Michel Eytan eytan at dpt-info.u-strasbg.fr
Tue Feb 23 04:19:52 EST 1999


Thus spake Reuben Hersh at 22-2-99 re ():

> I agree that Tarski can give a first-order proof of everything
> in Euclid's Elements.
>
> Nevertheless, mathematicians use geometric proofs, even
> if you claim you  can prove they aren't proofs.
>
> There's "Visual Complex Analysis," I forget the author's name,
> it should be in your library.
> There's Arnold's books on ordinary differential equations.
>
> Mathematics magazine for years has published "proofs without words."
>
> Recently a collection of proofs without words was published
> as a book entitled "Proofs without words."  If it's not in
> your library, just look at some issues of Math Magazine.

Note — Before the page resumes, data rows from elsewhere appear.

Theorem theorem6 :
  forall c : R, 0 < c ->
  exists A : R, 0 < A /\
    forall (n : nat) (v : nat -> pt),
      (2 <= n)%nat ->
      (forall i, (i < n)%nat -> on_H2 (v i)) ->
      (forall i j, (i < n)%nat -> (j < n)%nat -> i <> j -> v i <> v j) ->
      (forall i j, (i < n)%nat -> (j < n)%nat -> i <> j -> c <= hdist (v i) (v j)) ->
      (3 <= n)%nat ->
      exists i j k : nat,
        (i < n)%nat /\ (j < n)%nat /\ (k < n)%nat /\
        i <> j /\ i <> k /\ j <> k /\
        hangle (v i) (v j) (v k) <= A / (INR n ^ 2).
Proof.
  intros c Hc.
  pose proof (cosh_gt_1 c Hc) as HK0. set (K0 := cosh c) in *.
  destruct (threshold_bounds K0 HK0) as [H25 _]. pose proof PI_RGT_0.
  exists (PI * threshold K0). split; [nra|].
  intros n v Hn2 Hv _ Hdist Hn3.
  assert (Hsep : forall i j, (i < n)%nat -> (j < n)%nat -> i <> j -> K0 <= - mink (v i) (v j))
    by (intros i j Hi Hj Hij; apply cosh_le_of_le_arcosh, Hdist; auto).
  assert (Hn : 0 < INR n ^ 2) by (apply pow_lt, lt_0_INR; lia).
  assert (Hbound : threshold K0 / INR n ^ 2 <= PI * threshold K0 / INR n ^ 2).
  { unfold Rdiv. apply Rmult_le_compat_r; [left; now apply Rinv_0_lt_compat|].
    pose proof PI2_1. nra. }
  destruct (Rle_lt_dec (INR n ^ 2) (threshold K0)) as [Hsmall|Hbig].
  - exists 0%nat, 1%nat, 2%nat. repeat split; try lia.
    apply (Rle_trans _ PI); [apply hangle_le_PI|].
    apply (Rmult_le_reg_r (INR n ^ 2)); auto. field_simplify; nra.
  - apply NNPP. intros Hno.
    destruct (diametral_pair n (fun i j => - mink (v i) (v j)) Hn2)
      as (p & q & Hp & Hq & Hpq & Hdiam).
    apply (wide_angles_absurd K0 n v p q); auto.
    intros i j Hi Hj Hij. apply in_others in Hi, Hj.
    apply Rnot_le_lt. intros Hle. apply Hno.
    exists p, i, j. repeat split; try tauto; try lia. lra.
Qed.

Also "Anschauliche Geometrie" by none less than Hilbert, if I remember
correctly. Aim is to make things 'obvious', not to prove them. Cf the
Indian mathematics where you (supposedly) decompose a problem into pieces
small enough to be able to say "Look!" and the property to prove leaps at
your eyes...

>
> Why do mathematicians do this?
>
> Because a geometric proof is often more convincing, more perspicuous,
> more inteeesting, more memorable.
>
> You can say it isn't a proof, but it is recognized as a proof by
> people whose business is proving theorems.
>
> You can take a tree branch and chop is into bits, and then
> say you've proved it was really a tree branch.
>
> To what end?
>
> Reuben Hersh


--
Michel Eytan                                       eytan at dpt-info.u-strasbg.fr
                                       "I say what I mean and mean what I say"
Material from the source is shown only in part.